Add 25% overhead for intermediate files, temp space, and growth headroom → ~171 TB usable.

Per-Node Storage

Use CaseRecommended Disk
General purpose6–12 × 4 TB HDD (JBOD, no RAID)
Low-latency reads2–4 × 2 TB SSD (NVMe preferred)
Archive/cold data6–12 × 8–16 TB HDD
No RAID

HDFS provides its own replication. Using RAID wastes capacity and adds complexity. Configure DataNode disks as JBOD (Just a Bunch of Disks).

Nodes needed:

DataNodes = ceil( Total HDFS Storage ÷ Usable storage per node )

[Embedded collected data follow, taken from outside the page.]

Lemma sclos_plug_N (R : term -> term -> Prop) c N r r' :
  is_N N -> c <> clA -> R r r' -> sclos R c (plug N r) (plug N r').
Proof.
  intros HN; revert c; induction HN; intros c Hc HR; simpl.
  - apply sclos_root; auto.
  - apply sclos_app; auto; apply IHHN; auto; discriminate.
  - apply sclos_esl; auto.
Qed.

Lemma sclos_plug_A (R : term -> term -> Prop) c A x x' :
  is_A A -> c <> clN -> sclos R c x x' -> sclos R c (plug A x) (plug A x').
Proof.
  intros HA Hc Hx; induction HA; simpl; auto.
  - apply sclos_esr; auto.
  - apply sclos_esl; auto.
Qed.

Lemma sclos_unplug (R : term -> term -> Prop) c t u : sclos R c t u ->
  exists C r r', in_class c C /\ R r r' /\ t = plug C r /\ u = plug C r'.
Proof.
  induction 1 as [c t t' HR | c t t' s Hc _ [C [r [r' [HC [HR [-> ->]]]]]]
                 | c t t' s _ [C [r [r' [HC [HR [-> ->]]]]]]
                 | c a s s' Hc Ha _ [C [r [r' [HC [HR [-> ->]]]]]]].
  - exists Hole, t, t'; auto using in_class_hole.
  - exists (CAppL C s), r, r'; auto using in_class_app.
  - exists (CEsL C s), r, r'; auto using in_class_esl.
  - exists (CEsR a C), r, r'; auto using in_class_esr.
Qed.

Lemma sclos_cclos (R : term -> term -> Prop) c t u :
  sclos R c t u <-> cclos (in_class c) R t u.
Proof.
  split.
  - intros H; destruct (sclos_unplug _ _ _ _ H) as [C [r [r' [HC [HR [-> ->]]]]]].
    constructor; auto.
  - intros [C r r' HC HR]; destruct c; simpl in HC.
    + destruct HC as [A [N [HA [HN ->]]]]; rewrite !plug_ccomp.
      apply sclos_plug_A, sclos_plug_N; auto; discriminate.
    + apply sclos_plug_A; auto using sclos_root; discriminate.
    + apply sclos_plug_N; auto; discriminate.
Qed.

(** * Root rules *)

(* sval_open u (S<\x.b>) (S<b[x\u]>) and sval_replace r (S<v>) (S<r>), with u
   and r given in the scope outside S; var_replace c n w (K<<x_n>>) (K<<w>>)
   for K of class c, which is meant to be clN or clY. *)
Inductive sval_open : term -> term -> term -> Prop :=
| sval_open_lam u b : sval_open u (Lam b) (Es b u)
| sval_open_es u x y s : sval_open (lift 1 0 u) x y -> sval_open u (Es x s) (Es y s).

Inductive sval_replace : term -> term -> term -> Prop :=
| sval_replace_lam r b : sval_replace r (Lam b) r
| sval_replace_es r x y s : sval_replace (lift 1 0 r) x y -> sval_replace r (Es x s) (Es y s).
Lemma fold_right_Rplus_shift (l : list R) (a : R) :
  fold_right Rplus a l = fold_right Rplus 0 l + a.
Proof. induction l; simpl; lra. Qed.

Lemma binsum_S n k : binsum n (S k) = binsum n k + Binomial.C n (S k).
Proof.
  unfold binsum. rewrite seq_S, map_app, fold_right_app; simpl.
  rewrite fold_right_Rplus_shift. lra.
Qed.

Lemma le_wmax n q K k : (k <= K)%nat -> binsum n k <= q - 1 -> (k <= wmax n q K)%nat.
Proof.
  induction K as [|K IHK]; intros Hk Hb; simpl; [lia|].
  destruct (Rle_dec (binsum n (S K)) (q - 1)) as [_|HK]; [lia|].
  destruct (Nat.eq_dec k (S K)) as [->|Hne]; [contradiction|].
  apply IHK; [lia|exact Hb].
Qed.

Lemma fact_le_pow_mul_fact n j : (j <= n)%nat ->
  INR (fact n) <= INR n ^ j * INR (fact (n - j)).
Proof.
  induction j as [|j IHj]; intros Hj.
  - rewrite Nat.sub_0_r. simpl. lra.
  - replace (n - j)%nat with (S (n - S j)) in IHj by lia.
    change (fact (S (n - S j))) with (S (n - S j) * fact (n - S j))%nat in IHj.
    rewrite mult_INR in IHj.
    assert (Hle : INR (S (n - S j)) <= INR n) by (apply le_INR; lia).
    assert (Hf := INR_fact_lt_0 (n - S j)).
    assert (Hp : 0 <= INR n ^ j) by (apply pow_le, pos_INR).
    assert (Hstep : INR (S (n - S j)) * INR (fact (n - S j)) <= INR n * INR (fact (n - S j)))
      by (apply Rmult_le_compat_r; lra).
    specialize (IHj ltac:(lia)). simpl.
    apply Rmult_le_compat_l with (r := INR n ^ j) in Hstep; [nra|exact Hp].
Qed.

Lemma C_le_pow_div_fact n j : (j <= n)%nat -> Binomial.C n j <= INR n ^ j / INR (fact j).
Proof.
  intros Hj. unfold Binomial.C.
  assert (H := fact_le_pow_mul_fact n j Hj).
  assert (Fj := INR_fact_lt_0 j). assert (Fnj := INR_fact_lt_0 (n - j)).
  apply Rmult_le_reg_r with (INR (fact j) * INR (fact (n - j))); [nra|].
  field_simplify; lra.
Qed.
(* Let $G$ be a locally compact group, $O$ a neighborhood of the unit, $K\subseteq G$ compact, and $F\subseteq G$ a finite set with $K\subseteq FO$ and $|F|=(K:O)$. Then for every $S\subseteq F$, $(SO:O)=|S|$.
   Context: For $X\subseteq G$ and a neighborhood $O$ of the unit, $(X:O)$ denotes the minimal $n$ such that there is a set $F'\subseteq G$ with $|F'|=n$ and $X\subseteq F'O$, where $F'O=\{fo: f\in F', o\in O\}$. *)

From HB Require Import structures.
From mathcomp Require Import all_boot all_order all_algebra.
From mathcomp Require Import finmap.
From mathcomp Require Import all_classical all_reals all_analysis.

Set Implicit Arguments.
Unset Strict Implicit.
Unset Printing Implicit Defensive.

Local Open Scope classical_set_scope.


Definition topological_group (G : topologicalType)
  (mul : G -> G -> G) (inv : G -> G) (e : G) : Prop :=
  [/\ associative mul, left_id e mul, left_inverse e inv mul,
      continuous (fun p : G * G => mul p.1 p.2) & continuous inv].

Definition locally_compact_space (G : topologicalType) : Prop :=
  locally_compact [set: G].

Definition setmul (G : Type) (mul : G -> G -> G) (A B : set G) : set G :=
  [set mul a b | a in A & b in B].

Definition covered_by (G : choiceType) (mul : G -> G -> G)
  (X O : set G) (n : nat) : Prop :=
  exists F' : {fset G}, (#|` F'|)%fset = n /\ X `<=` setmul mul [set` F'] O.

Lemma covnum_ex (G : choiceType) (mul : G -> G -> G) (X O : set G) :
  (exists n, covered_by mul X O n) ->
  exists n, (fun n => `[< covered_by mul X O n >]) n.
Proof. by move=> [n h]; exists n; apply/asboolP. Qed.

(* (X : O) = the minimal n such that X ⊆ F' O for some F' with |F'| = n
   (set to 0 when no such n exists, which never happens in our uses). *)
Definition covnum (G : choiceType) (mul : G -> G -> G) (X O : set G) : nat :=
  match pselect (exists n, covered_by mul X O n) with
  | left h => ex_minn (covnum_ex h)
  | right _ => 0%N
  end.

From Pilot Require Import Defs.
From HB Require Import structures.
From mathcomp Require Import all_boot all_order all_algebra.
From mathcomp Require Import finmap.
From mathcomp Require Import all_classical all_reals all_analysis.

(* Trivially [S O] is covered by the [|S|]
   translates indexed by [S].  If fewer translates [F2 O] covered [S O], then
   replacing [S] by [F2] inside [F] would give a cover [((F \ S) ∪ F2) O] of
   [K] with fewer than [|F| = (K : O)] translates, contradicting minimality. *)

Local Open Scope classical_set_scope.

Section CoveringNumber.

Context {G : choiceType} {mul : G -> G -> G}.

Lemma covnum_le {X O : set G} {n : nat} :
  Defs.covered_by mul X O n -> (covnum mul X O <= n)%N.
Proof.
move=> cov; rewrite /covnum; case: pselect => [ex|]; last by case; exists n.
by case: ex_minnP => m _; apply; apply/asboolP.
Qed.

Lemma covnum_covered {X O : set G} {n : nat} :
  Defs.covered_by mul X O n -> Defs.covered_by mul X O (covnum mul X O).
Proof.
move=> cov; rewrite /covnum; case: pselect => [ex|]; last by case; exists n.
by case: ex_minnP => m /asboolP.
Qed.

Lemma covered_by_fset {X O : set G} {F : {fset G}} :
  X `<=` setmul mul [set` F] O -> Defs.covered_by mul X O #|` F|%fset.
Proof. by exists F. Qed.

Lemma covnum_setmul_le (S : {fset G}) (O : set G) :
  (covnum mul (setmul mul [set` S] O) O <= #|` S|)%N.
Proof. exact/covnum_le/covered_by_fset. Qed.

Lemma setmul_fsetD_exchange {F S F2 : {fset G}} {O : set G} :
  setmul mul [set` S] O `<=` setmul mul [set` F2] O ->
  setmul mul [set` F] O `<=` setmul mul [set` (F `\` S `|` F2)%fset] O.
Proof.
move=> SF2 _ [f Ff [y Oy <-]].
have [fS | fS] := boolP (f \in S).
  have [|g F2g [y' Oy' <-]] := SF2 (mul f y); first by exists f => //; exists y.
  by exists g; [rewrite /= in_fsetU F2g orbT | exists y'].
by exists f; [rewrite /= in_fsetU in_fsetD fS Ff | exists y].
Qed.

End CoveringNumber.

Lemma card_fsetD_fsetU_le {T : choiceType} (F S F2 : {fset T}) :
  (S `<=` F)%fset ->
  (#|` (F `\` S `|` F2)%fset| + #|` S| <= #|` F| + #|` F2|)%N.
Proof.
move=> SF; have [cardU _] := leq_card_fsetU (F `\` S)%fset F2.
rewrite -[X in (_ <= X + _)%N](subnK (fsubset_leq_card SF)) addnAC leq_add2r.
by rewrite -(cardfsDS SF).
Qed.

Lemma covnum_setmul_sub_min_cover (G : choiceType) (mul : G -> G -> G)
    (X O : set G) (F S : {fset G}) :
  X `<=` setmul mul [set` F] O -> #|` F|%fset = covnum mul X O ->
  (S `<=` F)%fset -> covnum mul (setmul mul [set` S] O) O = #|` S|%fset.
Proof.
move=> XF minF SF; apply/eqP; rewrite eqn_leq covnum_setmul_le /= leqNgt.
apply/negP => small.
have [F2 [cardF2 SF2]] :=
  covnum_covered (covered_by_fset (@subset_refl _ (setmul mul [set` S] O))).
have XF3 := subset_trans XF (setmul_fsetD_exchange SF2).
have le_FF3 := covnum_le (covered_by_fset XF3); rewrite -minF in le_FF3.
have := card_fsetD_fsetU_le F S F2 SF; rewrite cardF2 => cardF3.
suff : (#|` F| + #|` S| < #|` F| + #|` S|)%N by rewrite ltnn.
apply: leq_ltn_trans (leq_trans (leq_add le_FF3 (leqnn _)) cardF3) _.
by rewrite ltn_add2l.
Qed.

Theorem proposition6 (G : topologicalType) (mul : G -> G -> G) (inv : G -> G)
  (e : G) (O K : set G) (F : {fset G}) :
  topological_group mul inv e ->
  locally_compact_space G ->
  nbhs e O ->
  compact K ->
  K `<=` setmul mul [set` F] O ->
  (#|` F|)%fset = covnum mul K O ->
  forall S : {fset G}, (S `<=` F)%fset ->
    covnum mul (setmul mul [set` S] O) O = (#|` S|)%fset.
Proof.
move=> _ _ _ _ KF minF S SF.
exact: covnum_setmul_sub_min_cover KF minF SF.
Qed.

With 12 × 4 TB HDD per node (48 TB raw, ~42 TB usable after OS):

ceil( 171 TB ÷ 42 TB ) = 5 DataNodes minimum

Add 20% buffer → 6–7 DataNodes for this example.

Compute Sizing

CPU

MapReduce and Spark are CPU-intensive for transformation workloads.

  • Mapper slots: (node cores - 1 for OS) × 0.8
  • Reducer slots: Typically 40–50% of total mapper slots

For a 16-core node:

  • YARN vCores: 14 (leave 2 for OS + DataNode)
  • Map containers (2 cores each): 7 per node
  • Reduce containers: ~3–4 per node

Memory

ServiceRAM AllocationNotes
OS + DataNode8–16 GBFixed overhead per node
YARN NodeManagerRest of RAMe.g., 56 GB on 64 GB node
Map container2–4 GBTune per job type
Reduce container4–8 GBNeeds more for large shuffles

Example (64 GB node):

  • OS + DataNode: 8 GB
  • YARN available: 56 GB
  • Containers (4 GB each): 14 concurrent containers per node

NameNode RAM

The NameNode keeps the entire namespace in heap. A rough estimate:

NameNode Heap ≈ (Total Files + Blocks) ÷ 1,000,000 × 1 GB
File CountRecommended Heap
< 10M files4 GB
10–50M files8–16 GB
50–200M files32–64 GB
> 200M filesConsider HDFS Federation

Network Sizing

Hadoop is network-intensive during shuffle (MapReduce), replication, and bulk loads.

TierMinimumRecommended
Node NICs1 GbE10 GbE
Top-of-rack switch10 GbE25–100 GbE uplink
Cross-rack bandwidth10 GbE40 GbE+

Replication bandwidth: When a DataNode fails, HDFS re-replicates all its blocks. On a node with 24 TB of data and 1 GbE network, recovery takes:

24,000 GB ÷ 125 MB/s ≈ 53 hours

With 10 GbE: ~5 hours. Always use at least 10 GbE for production.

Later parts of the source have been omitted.